Once the world stops transmission of  WPV types 1 and 3 (confined in 2012 to Chad and the three endemic countries of Nigeria, Afghanistan and Pakistan),  the remaining problem of cVDPV, especially type 2, could be overcome, in the interim, by systematic and high quality coverage with tOPV or monovalent type 2 OPV. The importance of having an optimal type 2 OPV has led to an effort to develop a safer and more genetically stable type 2 strain.

An OPV to IPV Transition

For countries currently using OPV, several solutions to this problem have been proposed:

  • Introduction of IPV into the EPI program , while continuing the use of tOPV or bOPV through the Global Polio Eradication Initiative (South Africa and several Latin American countries have recently done this)
  • Cessation of type 2 OPV, which accounts for most cVDPV, while continuing vaccination with types 1 and 3, using bivalent OPV (bOPV), in both routine and vaccination campaigns.
  •  Discontinuation of all OPV, and continuation of IPV, once cessation of WPV and cVDPV is documented.      

All of these solutions will be aided by development of easier and less expensive approaches to the use of IPV so that it can readily be used in routine immunization and mass campaigns. Discontinuation of all OPV is a necessary step on the critical pathway to polio eradication. An interim step of discontinuing all live type 2 vaccine is viewed as highly informative and the safest route to eradication.

Inactivated Polio Vaccine, Savior or Mirage

Polio vaccination policy, especially in industrialized countries, has seen many transitions between OPV and IPV use. The US, for example, used IPV in the ‘50s, before going over to OPV for most vaccinees after 1961. A joint IPV/OPV regimen, used in the ‘90s, was abandoned in 2000 in favor of the straight IPV schedule now in use.

Early adopters of IPV (Sweden and the Netherlands, among others) point to the safety of the product, to its protection of the individual, and to its priming effect.  IPV has stopped polio transmission in many countries; the 56 countries now using it exclusively have witnessed rapid disappearance of OPV from their environments.

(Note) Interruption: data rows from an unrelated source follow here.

(* Let $n>1$, $I$ an index set, $S,T\in GL(n+1,\mathbb C)$, and for $r\in I$ let $P_r=S\,\mathrm{diag}\{p_{1r},\dots,p_{n+1,r}\}S^{-1}$, $Q_r=T\,\mathrm{diag}\{q_{1r},\dots,q_{n+1,r}\}T^{-1}$ (all entries nonzero), and assume that for every $r\in I$ the sets $\{\ln\frac{p_{kr}}{p_{n+1,r}}\}_{k=1}^n$ and $\{\ln\frac{q_{kr}}{q_{n+1,r}}\}_{k=1}^n$ are simple. There exists a biholomorphic map $f\colon\mathbb CP^n\to\mathbb CP^n$ with $f(P_rv)=Q_rf(v)$ for all $v\in\mathbb CP^n$, $r\in I$, if and only if there exists a permutation $\varrho$ of $\{1,\dots,n+1\}$ such that $\dfrac{q_{\varrho(k)r}}{q_{\varrho(n+1)r}}=\dfrac{p_{kr}}{p_{n+1,r}}$ for all $r\in I$, $k=1,\dots,n$.
   Context: A matrix $P\in GL(n+1,\mathbb C)$ acts on $\mathbb CP^n$ by the induced projective transformation. $\ln$ is the principal branch. A set $\{\lambda_1,\dots,\lambda_n\}$ of nonzero complex numbers is simple if for all $k\neq l$, $\lambda_k/\lambda_l\notin\{s,1/s:s\in\mathbb N\}$. *)

From Stdlib Require Import Reals.
Open Scope R_scope.

Definition Cplx : Type := (R * R)%type.
Definition C0 : Cplx := (0, 0).
Definition C1 : Cplx := (1, 0).
Definition RtoC (x : R) : Cplx := (x, 0).
Definition Cadd (z w : Cplx) : Cplx := (fst z + fst w, snd z + snd w).
Definition Copp (z : Cplx) : Cplx := (- fst z, - snd z).
Definition Csub (z w : Cplx) : Cplx := Cadd z (Copp w).
Definition Cmul (z w : Cplx) : Cplx :=
  (fst z * fst w - snd z * snd w, fst z * snd w + snd z * fst w).
Definition Cnorm2 (z : Cplx) : R := fst z * fst z + snd z * snd z.
Definition Cinv (z : Cplx) : Cplx := (fst z / Cnorm2 z, - snd z / Cnorm2 z).
Definition Cdiv (z w : Cplx) : Cplx := Cmul z (Cinv w).
Definition Cabs (z : Cplx) : R := sqrt (Cnorm2 z).
Theorem lemma7p2 (R : rcfType) (v d : R[i]) :
  d != 0 -> v != 0 ->
  let F := Vpoly v d in
  [/\
   (* d <> +-2v *)
   (d != 2%:R * v -> d != - (2%:R * v) ->
      [/\ (forall a b c, singular_pt F a b c <->
                         proj_eq 1 0 0 a b c \/ proj_eq 0 1 0 a b c),
          msize F = 5%N, irreducible_mpoly F,
          (d ^+ 2 != v ^+ 2 -> is_node F 1 0 0 /\ is_node F 0 1 0) &
          (d ^+ 2 = v ^+ 2 ->
             is_ordinary_cusp F 1 0 0 /\ is_ordinary_cusp F 0 1 0)]),
   (* d = 2v *)
   (d = 2%:R * v ->
      [/\ irreducible_mpoly F,
          (forall a b c, singular_pt F a b c <->
             [\/ proj_eq 1 0 0 a b c, proj_eq 0 1 0 a b c | proj_eq 1 (-1) 1 a b c]) &
          is_node F 1 (-1) 1]) &
   (* d = -2v *)
   (d = - (2%:R * v) ->
      [/\ irreducible_mpoly F,
          (forall a b c, singular_pt F a b c <->
             [\/ proj_eq 1 0 0 a b c, proj_eq 0 1 0 a b c | proj_eq (-1) 1 1 a b c]) &
          is_node F (-1) 1 1])].
Proof.
move=> d_neq0 v_neq0 F; have irrF := Vpoly_irreducible d_neq0 v_neq0.
split=> [d_neq2v d_neqm2v | d2v | dm2v]; split=> //.
- by move=> a b c; exact: singular_pt_generic.
- exact: msize_Vpoly.
- exact: is_node_base.
- exact: is_ordinary_cusp_base.
- by move=> a b c; exact: singular_pt_d2v.
- exact: is_node_d2v.
- by move=> a b c; exact: singular_pt_dm2v.
- exact: is_node_dm2v.
Qed.
(* Let $H$ be a commutative Hopf algebra over a field $k$ with counit $\varepsilon$, and let $B$ be a Rota-Baxter co-operator on $H$. Then $\varepsilon\circ B=\varepsilon$.
   Context: Sweedler notation $\Delta(x)=x_1\otimes x_2$, iterated as $x_1\otimes x_2\otimes x_3\otimes x_4$. A Rota-Baxter co-operator on a commutative Hopf algebra $(H,S)$ is an algebra map $B:H\to H$ such that for all $x\in H$: $B(x_1)\otimes B(x_2)=B(x)_1\,B\big(B(x)_2S(B(x)_4)\big)\otimes B(x)_3$, where $B(x)_1\otimes B(x)_2\otimes B(x)_3\otimes B(x)_4$ denotes the threefold iterated coproduct of $B(x)$. *)

(* Commutative Hopf algebras over a field, with elements of
   tensor powers represented by finite formal sums (sequences of pure tensors)
   and equality in the tensor power given by the universal property:
   two formal sums are equal in H (x) H iff every bilinear map into every
   k-vector space takes the same value on them (similarly for H (x) H (x) H). *)
From HB Require Import structures.
From mathcomp Require Import all_boot all_order all_algebra.
Set Implicit Arguments. Unset Strict Implicit. Unset Printing Implicit Defensive.
Import Order.TTheory GRing.Theory Num.Theory.
Local Open Scope ring_scope.

Section Hopf.
Variables (k : fieldType) (H : comAlgType k).

Definition bilin (V : lmodType k) (phi : H -> H -> V) : Prop :=
  (forall a, linear (phi a)) /\ (forall b, linear (fun a => phi a b)).

Definition trilin (V : lmodType k) (phi : H -> H -> H -> V) : Prop :=
  [/\ forall a b, linear (phi a b),
      forall a c, linear (fun b => phi a b c) &
      forall b c, linear (fun a => phi a b c)].

Definition teq2 (s t : seq (H * H)) : Prop :=
  forall (V : lmodType k) (phi : H -> H -> V), bilin phi ->
    \sum_(p <- s) phi p.1 p.2 = \sum_(p <- t) phi p.1 p.2.

Definition teq3 (s t : seq (H * H * H)) : Prop :=
  forall (V : lmodType k) (phi : H -> H -> H -> V), trilin phi ->
    \sum_(p <- s) phi p.1.1 p.1.2 p.2 = \sum_(p <- t) phi p.1.1 p.1.2 p.2.

Definition tscale2 (c : k) (s : seq (H * H)) : seq (H * H) :=
  [seq (c *: p.1, p.2) | p <- s].

Definition tmul2 (s t : seq (H * H)) : seq (H * H) :=
  [seq (p.1 * q.1, p.2 * q.2) | p <- s, q <- t].

Definition is_algmap (f : H -> H) : Prop :=
  linear f /\ (forall a b, f (a * b) = f a * f b) /\ f 1 = 1.

Definition is_hopf (cop : H -> seq (H * H)) (eps : H -> k) (ant : H -> H) : Prop :=
     (forall (c : k) (a b : H), teq2 (cop (c *: a + b)) (tscale2 c (cop a) ++ cop b))
  /\ (forall a b : H, teq2 (cop (a * b)) (tmul2 (cop a) (cop b)))
  /\ teq2 (cop 1) [:: (1, 1)]
  /\ (forall a : H, teq3 [seq (p.1, q.1, q.2) | p <- cop a, q <- cop p.2]
                         [seq (q.1, q.2, p.2) | p <- cop a, q <- cop p.1])
  /\ (forall (c : k) (a b : H), eps (c *: a + b) = c * eps a + eps b)
  /\ (forall a b : H, eps (a * b) = eps a * eps b)
  /\ eps 1 = 1
  /\ (forall a : H, \sum_(p <- cop a) eps p.1 *: p.2 = a /\
                    \sum_(p <- cop a) eps p.2 *: p.1 = a)
  /\ linear ant
  /\ (forall a : H, \sum_(p <- cop a) ant p.1 * p.2 = eps a *: 1 /\
                    \sum_(p <- cop a) p.1 * ant p.2 = eps a *: 1).

(* threefold iterated coproduct: y_1 (x) y_2 (x) y_3 (x) y_4, as ((y1,y2),y3),y4 *)
Definition cop3 (cop : H -> seq (H * H)) (y : H) : seq (H * H * H * H) :=
  flatten [seq [seq (p.1, q.1, r.1, r.2) | r <- cop q.2] | p <- cop y, q <- cop p.2].

(* Rota-Baxter co-operator:
   B(x_1) (x) B(x_2) = B(x)_1 B(B(x)_2 S(B(x)_4)) (x) B(x)_3 *)
Definition is_RB_cooperator (cop : H -> seq (H * H)) (ant : H -> H) (B : H -> H) : Prop :=
  is_algmap B /\
  forall x : H,
    teq2 [seq (B p.1, B p.2) | p <- cop x]
         [seq (u.1.1.1 * B (u.1.1.2 * ant u.2), u.1.2) | u <- cop3 cop (B x)].

End Hopf.

(** The functional [f := eps \o B] is a character of [H], i.e. an element of
    the group of algebra maps [H -> k] under convolution [phi * psi := (phi
    (x) psi) \o cop], with unit [eps] and inverses [f \o ant]. Applying
    [eps (x) eps] to the Rota-Baxter identity and contracting with the counit
    and antipode axioms gives [f * f = f]; an idempotent of a group is its
    unit, so [f = eps]. *)
From HB Require Import structures.
From mathcomp Require Import all_boot all_order all_algebra.
Set Implicit Arguments. Unset Strict Implicit. Unset Printing Implicit Defensive.
Import GRing.Theory.
Local Open Scope ring_scope.

Section LinearFun.
Variables (k : fieldType) (V : lmodType k).

Lemma linear_mull (g : V -> k^o) (c : k) : linear g -> linear (fun a => (c * g a : k^o)).
Proof. by move=> g_lin d u v; rewrite g_lin /= mulrDr mulrCA. Qed.

Lemma linear_mulr (g : V -> k^o) (c : k) : linear g -> linear (fun a => (g a * c : k^o)).
Proof. by move=> g_lin d u v; rewrite g_lin /= mulrDl scalerAl. Qed.

Variables (W : lmodType k) (g : V -> W).
Hypothesis g_lin : linear g.

Lemma linear_fun0 : g 0 = 0.
Proof.
by apply/(@addrI _ (g 0)); rewrite addr0 -{1}(scale1r (g 0)) -g_lin addr0 scale1r.
Qed.

Lemma linear_funZ c a : g (c *: a) = c *: g a.
Proof. by rewrite -(addr0 (c *: a)) g_lin linear_fun0 addr0. Qed.

Lemma linear_fun_sum (I : Type) (s : seq I) (F : I -> V) :
  g (\sum_(i <- s) F i) = \sum_(i <- s) g (F i).
Proof.
elim: s => [|a s IH]; first by rewrite !big_nil linear_fun0.
by rewrite !big_cons -{1}(scale1r (F a)) g_lin scale1r IH.
Qed.

End LinearFun.

Section Convolution.
Variables (k : fieldType) (H : comAlgType k).

Definition is_character (f : H -> k) : Prop := linear (f : H -> k^o) /\ monoid_morphism f.

Lemma character_comp_algmap f g : is_character f -> is_algmap g -> is_character (f \o g).
Proof.
move=> [f_lin [f1 fM]] [g_lin [gM g1]]; split=> [c u v|] /=; first by rewrite g_lin f_lin.
by split=> [|a b] /=; rewrite ?g1 ?gM.
Qed.

Variables (cop : H -> seq (H * H)) (eps : H -> k) (ant : H -> H).

Definition conv (phi psi : H -> k) (a : H) : k := \sum_(p <- cop a) phi p.1 * psi p.2.

Lemma eq_conv phi phi' psi psi' : phi =1 phi' -> psi =1 psi' -> conv phi psi =1 conv phi' psi'.
Proof. by move=> eq_phi eq_psi a; apply: eq_bigr => p _; rewrite eq_phi eq_psi. Qed.

Hypothesis hopf : is_hopf cop eps ant.

Lemma eps_character : is_character eps.
Proof.
by case: hopf => _ [_ [_ [_ [epsL [epsM [eps1 _]]]]]]; split=> [c u v|]; rewrite ?epsL.
Qed.

Lemma linear_ant : linear ant.
Proof. by case: hopf => _ [_ [_ [_ [_ [_ [_ [_ [antL _]]]]]]]]. Qed.

Lemma sum_cop_eps_l (V : lmodType k) (g : H -> V) a :
  linear g -> \sum_(p <- cop a) eps p.1 *: g p.2 = g a.
Proof.
case: hopf => _ [_ [_ [_ [_ [_ [_ [counit _]]]]]]] g_lin.
rewrite -{2}[a](counit a).1 (linear_fun_sum g_lin).
by apply: eq_bigr => p _; rewrite (linear_funZ g_lin).
Qed.

Lemma sum_cop_eps_r (V : lmodType k) (g : H -> V) a :
  linear g -> \sum_(p <- cop a) eps p.2 *: g p.1 = g a.
Proof.
case: hopf => _ [_ [_ [_ [_ [_ [_ [counit _]]]]]]] g_lin.
rewrite -{2}[a](counit a).2 (linear_fun_sum g_lin).
by apply: eq_bigr => p _; rewrite (linear_funZ g_lin).
Qed.

Lemma sum_cop_ant_l (V : lmodType k) (g : H -> V) a :
  linear g -> \sum_(p <- cop a) g (ant p.1 * p.2) = eps a *: g 1.
Proof.
case: hopf => _ [_ [_ [_ [_ [_ [_ [_ [_ antipode]]]]]]]] g_lin.
by rewrite -(linear_funZ g_lin) -(antipode a).1 (linear_fun_sum g_lin).
Qed.

Lemma sum_cop_ant_r (V : lmodType k) (g : H -> V) a :
  linear g -> \sum_(p <- cop a) g (p.1 * ant p.2) = eps a *: g 1.
Proof.
case: hopf => _ [_ [_ [_ [_ [_ [_ [_ [_ antipode]]]]]]]] g_lin.
by rewrite -(linear_funZ g_lin) -(antipode a).2 (linear_fun_sum g_lin).
Qed.

Lemma conv_epsl (phi : H -> k) : linear (phi : H -> k^o) -> conv eps phi =1 phi.
Proof. by move=> phi_lin a; rewrite -[RHS](sum_cop_eps_l a phi_lin). Qed.

Lemma conv_ant_character f : is_character f -> conv (f \o ant) f =1 eps.
Proof.
move=> [f_lin [f1 fM]] a; rewrite /conv.
under eq_bigr do rewrite /= -fM.
by rewrite (sum_cop_ant_l a f_lin) f1; exact: mulr1.
Qed.

Lemma conv_assoc (phi psi chi : H -> k) :
    linear (phi : H -> k^o) -> linear (psi : H -> k^o) -> linear (chi : H -> k^o) ->
  conv (conv phi psi) chi =1 conv phi (conv psi chi).
Proof.
move=> phi_lin psi_lin chi_lin a.
have prod_trilin : trilin (fun a b c : H => (phi a * psi b * chi c : k^o)).
  split=> [a' b'|a' c'|b' c']; do ?apply: linear_mulr; by [|exact: linear_mull].
case: hopf => _ [_ [_ [coass _]]].
have := coass a _ _ prod_trilin; rewrite !big_allpairs_dep /= => {}coass.
rewrite /conv; under eq_bigr do rewrite big_distrl /=.
under [RHS]eq_bigr do rewrite big_distrr /=.
by rewrite -coass; apply: eq_bigr => p _; apply: eq_bigr => q _; rewrite mulrA.
Qed.

Lemma character_conv_idem f : is_character f -> conv f f =1 f -> f =1 eps.
Proof.
move=> f_char f_idem a; have [f_lin _] := f_char.
have fant_lin : linear (f \o ant : H -> k^o).
  by move=> c u v /=; rewrite linear_ant f_lin.
rewrite -[LHS](conv_epsl f_lin) -(eq_conv (conv_ant_character f_char) (frefl f)).
by rewrite conv_assoc // (eq_conv (frefl _) f_idem) conv_ant_character.
Qed.

Variable B : H -> H.
Hypothesis RB : is_RB_cooperator cop ant B.

Lemma RB_conv_idem : conv (eps \o B) (eps \o B) =1 eps \o B.
Proof.
have [eps_lin [_ epsM]] := eps_character.
have [B_alg RB_eq] := RB.
have [f_lin [f1 _]] := character_comp_algmap eps_character B_alg.
move=> y; have eps_bilin : bilin (fun a b : H => (eps a * eps b : k^o)).
  by split=> a; [exact: linear_mull | exact: linear_mulr].
have := RB_eq y _ _ eps_bilin; rewrite big_map /conv /= => ->.
rewrite big_map /cop3 big_flatten /= big_allpairs_dep /=.
(* contract the last index by the counit, the middle one by the antipode and
   the first one by the counit again *)
rewrite -[RHS](sum_cop_eps_l _ eps_lin); apply: eq_bigr => p _.
under eq_bigr => q _.
  rewrite big_map; under eq_bigr do rewrite /= epsM -mulrA [_ * eps _]mulrC.
  rewrite -big_distrr /=.
  rewrite (sum_cop_eps_l (g := fun b => eps (B (q.1 * ant b)) : k^o)); last first.
    by move=> c u v; rewrite linear_ant mulrDr -scalerAr; exact: f_lin.
  over.
by rewrite -big_distrr /= (sum_cop_ant_r _ f_lin) f1; congr (_ * _); exact: mulr1.
Qed.

End Convolution.

Theorem proposition3p2 (k : fieldType) (H : comAlgType k)
    (cop : H -> seq (H * H)) (eps : H -> k) (ant : H -> H) (B : H -> H) :
  is_hopf cop eps ant -> is_RB_cooperator cop ant B ->
  forall x : H, eps (B x) = eps x.
Proof.
move=> hopf RB.
apply: (character_conv_idem (f := eps \o B) hopf).
  exact: (character_comp_algmap (eps_character hopf) RB.1).
exact: (RB_conv_idem hopf RB).
Qed.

Individual countries and regions will make decisions about their polio immunization strategy. The 2012 World Health Assembly was a sounding board for broader use of IPV. Concerns about IPV included questions related to cost and sufficient supplies of affordable IPV.
For most developing countries, the use of full-dose IPV by the intramuscular route is too expensive. WHO is now supporting research on multiple solutions leading to affordable IPV product including an intradermal administration of reduced dose (intradermal) IPV through the traditional needles used for BCG vaccination or use of hand-held needle-free injectors. This solution is at least two years from field implementation. Another question is how many doses of IPV would be needed to assure solid immunity. Recent work from Cuba points to a priming effect from a single dose IPV in previously naïve subjects (Resik S, unpublished data). Research on intradermal administration of IPV in fractional doses is informing policy making in this area (8,9) Although IPV has eradicated polio in a number of European countries, we are learning from studies such as these that IPV does not, in those countries, provide as strong mucosal immunity against virus shedding as OPV (although this conclusion is being questioned in the most recent Indian study). Further complicating the full endorsement of IPV are the manufacturing risks associated with production of large quantities of WPVs that are the source of the antigen in the present IPV. A WHO-led initiative is preparing the introduction of IPV made from the attenuated Sabin strains.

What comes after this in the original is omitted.